PROBLEM STATEMENT |
Among the lines of data below, reproduce only those from the one with "forall x, rg_coeff (rg_map" through the one with "From mathcomp Require", exactly as they stand, both ends included.

AVAILABLE DATA |
(* The group ring RG: an element is represented by a finite formal sum
   \sum r_i g_i (a list of pairs); two representatives denote the same
   element iff all their coefficients agree. *)
Definition RG (R : comNzRingType) (G : groupType) := seq (R * G).

Definition rg_coeff (R : comNzRingType) (G : groupType) (a : RG R G) (x : G) : R :=
  \sum_(p <- a | p.2 == x) p.1.

Definition rg_eq (R : comNzRingType) (G : groupType) (a b : RG R G) : Prop :=
  forall x, rg_coeff a x = rg_coeff b x.

Definition rg_mul (R : comNzRingType) (G : groupType) (a b : RG R G) : RG R G :=
  [seq (p.1 * q.1, (p.2 * q.2)%g) | p <- a, q <- b].

Definition rg_map (R : comNzRingType) (G : groupType) (phi : G -> G) (a : RG R G) : RG R G :=
  [seq (p.1, phi p.2) | p <- a].

Definition rg_skew (R : comNzRingType) (G : groupType) (phi : G -> G) (a : RG R G) : Prop :=
  forall x, rg_coeff (rg_map phi a) x = - rg_coeff a x.

Definition skew_commutative (R : comNzRingType) (G : groupType) (phi : G -> G) : Prop :=
  forall a b : RG R G, rg_skew phi a -> rg_skew phi b -> rg_eq (rg_mul a b) (rg_mul b a).

Inductive gen (G : groupType) (S : G -> Prop) : G -> Prop :=
| gen_in  : forall x, S x -> gen S x
| gen_one : gen S 1%g
| gen_mul : forall x y, gen S x -> gen S y -> gen S (x * y)%g
| gen_inv : forall x, gen S x -> gen S (x^-1)%g.

Definition gen2 (G : groupType) (g h : G) : G -> Prop :=
  gen (fun x => x = g \/ x = h).

Definition centre (G : groupType) (H : G -> Prop) (z : G) : Prop :=
  H z /\ forall y, H y -> (z * y = y * z)%g.

Definition LC_property (G : groupType) (H : G -> Prop) : Prop :=
  forall a b, H a -> H b ->
    ((a * b = b * a)%g <-> (centre H a \/ centre H b \/ centre H (a * b)%g)).

Definition unique_nontrivial_commutator (G : groupType) (H : G -> Prop) : Prop :=
  exists c : G, c <> 1%g /\ (exists a b, H a /\ H b /\ pcomm a b = c) /\
    forall a b, H a -> H b -> pcomm a b = 1%g \/ pcomm a b = c.

Definition abelian_sub (G : groupType) (H : G -> Prop) : Prop :=
  forall x y, H x -> H y -> (x * y = y * x)%g.

From HB Require Import structures.
From mathcomp Require Import all_boot all_order all_algebra ring.
Set Implicit Arguments. Unset Strict Implicit. Unset Printing Implicit Defensive.
Import GRing.Theory.
Local Open Scope ring_scope.

(* The ring-theoretic input consists of two kinds of skew elements: x - phi x
   for every x, and r x for r in R_2 and x fixed by phi.  Comparing single
   coefficients in the commutation identities of such elements gives:
   (1) if g is fixed and h is not, gh = phi(h)g and hg = g phi(h);
   (2) applying (1) to the pair (gh, g) shows gh is not fixed when g, h are not;
   (3) for g, h both non-fixed, the coefficient of gh in
       (g - phi g)(h - phi h) = (h - phi h)(g - phi g) reads 1 + b1 + b2 + b3 = 0
       for three indicators b_i; as 2, 3 <> 0 in R, all b_i hold and 4 = 0.
   The three relations so obtained force c = (g,h) to be a central involution
   of <g,h> with phi g = c g and phi h = c h.  A purely group-theoretic part
   then shows that in a group generated by g, h whose commutator c is a
   central involution, every commutator lies in {1, c} and "x, y do not
   commute" is a symplectic form on <g,h> modulo its centre, from which the
   LC property and the uniqueness of the non-trivial commutator follow.
   Finally, if char R <> 4 any two non-fixed elements commute, hence so does
   the subgroup they generate. *)

Section Generation.
Local Open Scope group_scope.
Variable G : groupType.
Implicit Types (S : G -> Prop) (a b g h x y z : G).

Lemma gen_commute S x : (forall s, S s -> commute x s) -> forall y, gen S y -> commute x y.
Proof.
move=> xS y; elim=> {y} [s /xS //| |y1 y2 _ IH1 _ IH2|y _ IH].
- exact: commute1.
- exact: commuteM.
- exact: commuteV.
Qed.

Lemma gen_abelian S : (forall x y, S x -> S y -> commute x y) -> abelian_sub (gen S).
Proof.
move=> cS x y Sx Sy; apply: (gen_commute _ Sy) => s Ss.
by apply/commute_sym; apply: (gen_commute _ Sx) => t St; apply/commute_sym/cS.
Qed.

Lemma gen2_l g h : gen2 g h g. Proof. by apply: gen_in; left. Qed.
Lemma gen2_r g h : gen2 g h h. Proof. by apply: gen_in; right. Qed.

Definition ncomm x y : bool := x * y != y * x.

Lemma ncomm_sym x y : ncomm x y = ncomm y x. Proof. by rewrite /ncomm eq_sym. Qed.

Lemma ncomm_invr x y : ncomm x y^-1 = ncomm x y.
Proof.
congr negb; apply/eqP/eqP => [/commuteV|/commuteV //].
by rewrite invgK.
Qed.

Lemma centre_gen2 g h x :
  gen2 g h x -> ~~ ncomm x g -> ~~ ncomm x h -> centre (gen2 g h) x.
Proof.
move=> Hx /negPn/eqP xg /negPn/eqP xh; split=> // y; apply: gen_commute.
by move=> s [->|->].
Qed.

Lemma pcommE x y : x * y = pcomm x y * (y * x).
Proof. by rewrite /pcomm mulgA !mulgVK. Qed.

Lemma pcomm_unique x y z : x * y = z * (y * x) -> pcomm x y = z.
Proof. by rewrite pcommE => /mulIg. Qed.

Lemma pcomm1P x y : pcomm x y = 1 <-> commute x y.
Proof.
split=> [c1|xy]; first by rewrite /commute pcommE c1 mul1g.
by apply: pcomm_unique; rewrite mul1g.
Qed.

End Generation.

Section CentralCommutator.
Local Open Scope group_scope.
Variables (G : groupType) (g h c : G).
Hypotheses (cg : commute c g) (ch : commute c h) (c2 : c * c = 1) (c1 : c != 1)
  (ghc : g * h = c * (h * g)).
Local Notation H := (gen2 g h).

Lemma c_central x : H x -> commute c x.
Proof. by apply: gen_commute => s [->|->]. Qed.

Lemma expc_odd n : c ^+ n = c ^+ odd n.
Proof.
elim: n => // n IH; rewrite expgS IH /=.
by case: (odd n); rewrite /= ?expg1 ?expg0 ?mulg1.
Qed.

Lemma expc_double n : c ^+ n * c ^+ n = 1.
Proof. by rewrite expc_odd; case: (odd n); rewrite /= ?mulg1. Qed.

Definition ccomm x y := exists n, x * y = c ^+ n * (y * x).

Lemma ccomm_sym x y : ccomm x y -> ccomm y x.
Proof. by case=> n E; exists n; rewrite E mulgA expc_double mul1g. Qed.

Lemma ccomm_mulr_exp x y1 y2 n1 n2 : commute c y1 ->
  x * y1 = c ^+ n1 * (y1 * x) -> x * y2 = c ^+ n2 * (y2 * x) ->
  x * (y1 * y2) = c ^+ (n1 + n2) * (y1 * y2 * x).
Proof.
move=> cy1 E1 E2.
rewrite mulgA E1 -!mulgA E2 !mulgA -(mulgA _ y1) (commuteX n2 (commute_sym cy1)).
by rewrite expgnDr !mulgA.
Qed.

Lemma ccomm_invr x y : commute c y -> ccomm x y -> ccomm x y^-1.
Proof.
move=> cy /ccomm_sym [n E]; exists n; apply: (mulgI y).
rewrite mulgA E -mulgA mulgK mulgA (commuteX n (commute_sym cy)).
by rewrite -mulgA mulVKg.
Qed.

Lemma ccomm_gen x : ccomm x g -> ccomm x h -> forall y, H y -> ccomm x y.
Proof.
move=> xg xh y; elim=> {y} [y [->|->] //| |y1 y2 Hy1 [n1 E1] _ [n2 E2]|y Hy IH].
- by exists 0%N; rewrite mulg1 expg0 !mul1g.
- by exists (n1 + n2)%N; apply: ccomm_mulr_exp (c_central Hy1) E1 E2.
- exact: ccomm_invr (c_central Hy) IH.
Qed.

Lemma ccomm_all x y : H x -> H y -> ccomm x y.
Proof.
have gg : ccomm g g by exists 0%N; rewrite mul1g.
have hh : ccomm h h by exists 0%N; rewrite mul1g.
have gh : ccomm g h by exists 1%N.
move=> Hx; apply: ccomm_gen; apply: ccomm_sym; apply: ccomm_gen => //.
exact: ccomm_sym.
Qed.

Lemma ncomm_exp x y n : x * y = c ^+ n * (y * x) -> ncomm x y = odd n.
Proof.
rewrite /ncomm expc_odd => ->; case: (odd n); last by rewrite mul1g eqxx.
by rewrite -{2}(mul1g (y * x)) (inj_eq (@mulIg _ _)).
Qed.

Lemma ncomm_mulr x y1 y2 :
  H x -> H y1 -> H y2 -> ncomm x (y1 * y2) = ncomm x y1 (+) ncomm x y2.
Proof.
move=> Hx Hy1 Hy2; have [n1 E1] := ccomm_all Hx Hy1; have [n2 E2] := ccomm_all Hx Hy2.
rewrite (ncomm_exp (ccomm_mulr_exp (c_central Hy1) E1 E2)) oddD.
by rewrite (ncomm_exp E1) (ncomm_exp E2).
Qed.

Lemma ncomm_gh : ncomm g h.
Proof. exact: (@ncomm_exp _ _ 1 ghc). Qed.

Lemma ncomm_formula a b : H a -> H b ->
  ncomm a b = (ncomm a g && ncomm b h) (+) (ncomm a h && ncomm b g).
Proof.
have Hg := gen2_l g h; have Hh := gen2_r g h.
move=> Ha; elim=> {b} [b [->|->]| |b1 b2 Hb1 IH1 Hb2 IH2|b Hb IH].
- by rewrite ncomm_gh /ncomm eqxx andbT andbF addbF.
- by rewrite (ncomm_sym h g) ncomm_gh /ncomm eqxx andbT andbF.
- by rewrite /ncomm !mulg1 !mul1g !eqxx !andbF.
- rewrite ncomm_mulr // IH1 IH2 !(ncomm_sym (b1 * b2)) !ncomm_mulr //.
  by rewrite !(ncomm_sym g) !(ncomm_sym h) !andb_addr addbACA.
- by rewrite ncomm_invr IH !(ncomm_sym b^-1) !ncomm_invr !(ncomm_sym _ b).
Qed.

Lemma LC_gen2 : LC_property H.
Proof.
move=> a b Ha Hb; split=> [ab | [[_ ac]|[[_ bc]|[_ abc]]]]; last 3 first.
- exact: ac.
- exact/esym/bc.
- by apply: (mulgI a); rewrite -(abc a Ha) mulgA.
have Hab := gen_mul Ha Hb; have Hg := gen2_l g h; have Hh := gen2_r g h.
have F : (ncomm a g && ncomm b h) (+) (ncomm a h && ncomm b g) = false.
  by rewrite -ncomm_formula // /ncomm ab eqxx.
have ab_g : ncomm (a * b) g = ncomm a g (+) ncomm b g.
  by rewrite ncomm_sym ncomm_mulr // !(ncomm_sym g).
have ab_h : ncomm (a * b) h = ncomm a h (+) ncomm b h.
  by rewrite ncomm_sym ncomm_mulr // !(ncomm_sym h).
case Ea: (ncomm a g || ncomm a h); last first.
  by move/norP: Ea => [ag ah]; left; apply: centre_gen2.
case Eb: (ncomm b g || ncomm b h); last first.
  by move/norP: Eb => [bg bh]; right; left; apply: centre_gen2.
right; right; apply: centre_gen2; rewrite ?ab_g ?ab_h //; move: F Ea Eb;
  by case: (ncomm a g); case: (ncomm a h); case: (ncomm b g); case: (ncomm b h).
Qed.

SOLUTION BELOW |
  forall x, rg_coeff (rg_map phi a) x = - rg_coeff a x.

Definition skew_commutative (R : comNzRingType) (G : groupType) (phi : G -> G) : Prop :=
  forall a b : RG R G, rg_skew phi a -> rg_skew phi b -> rg_eq (rg_mul a b) (rg_mul b a).

Inductive gen (G : groupType) (S : G -> Prop) : G -> Prop :=
| gen_in  : forall x, S x -> gen S x
| gen_one : gen S 1%g
| gen_mul : forall x y, gen S x -> gen S y -> gen S (x * y)%g
| gen_inv : forall x, gen S x -> gen S (x^-1)%g.

Definition gen2 (G : groupType) (g h : G) : G -> Prop :=
  gen (fun x => x = g \/ x = h).

Definition centre (G : groupType) (H : G -> Prop) (z : G) : Prop :=
  H z /\ forall y, H y -> (z * y = y * z)%g.

Definition LC_property (G : groupType) (H : G -> Prop) : Prop :=
  forall a b, H a -> H b ->
    ((a * b = b * a)%g <-> (centre H a \/ centre H b \/ centre H (a * b)%g)).

Definition unique_nontrivial_commutator (G : groupType) (H : G -> Prop) : Prop :=
  exists c : G, c <> 1%g /\ (exists a b, H a /\ H b /\ pcomm a b = c) /\
    forall a b, H a -> H b -> pcomm a b = 1%g \/ pcomm a b = c.

Definition abelian_sub (G : groupType) (H : G -> Prop) : Prop :=
  forall x y, H x -> H y -> (x * y = y * x)%g.

From HB Require Import structures.
From mathcomp Require Import all_boot all_order all_algebra ring.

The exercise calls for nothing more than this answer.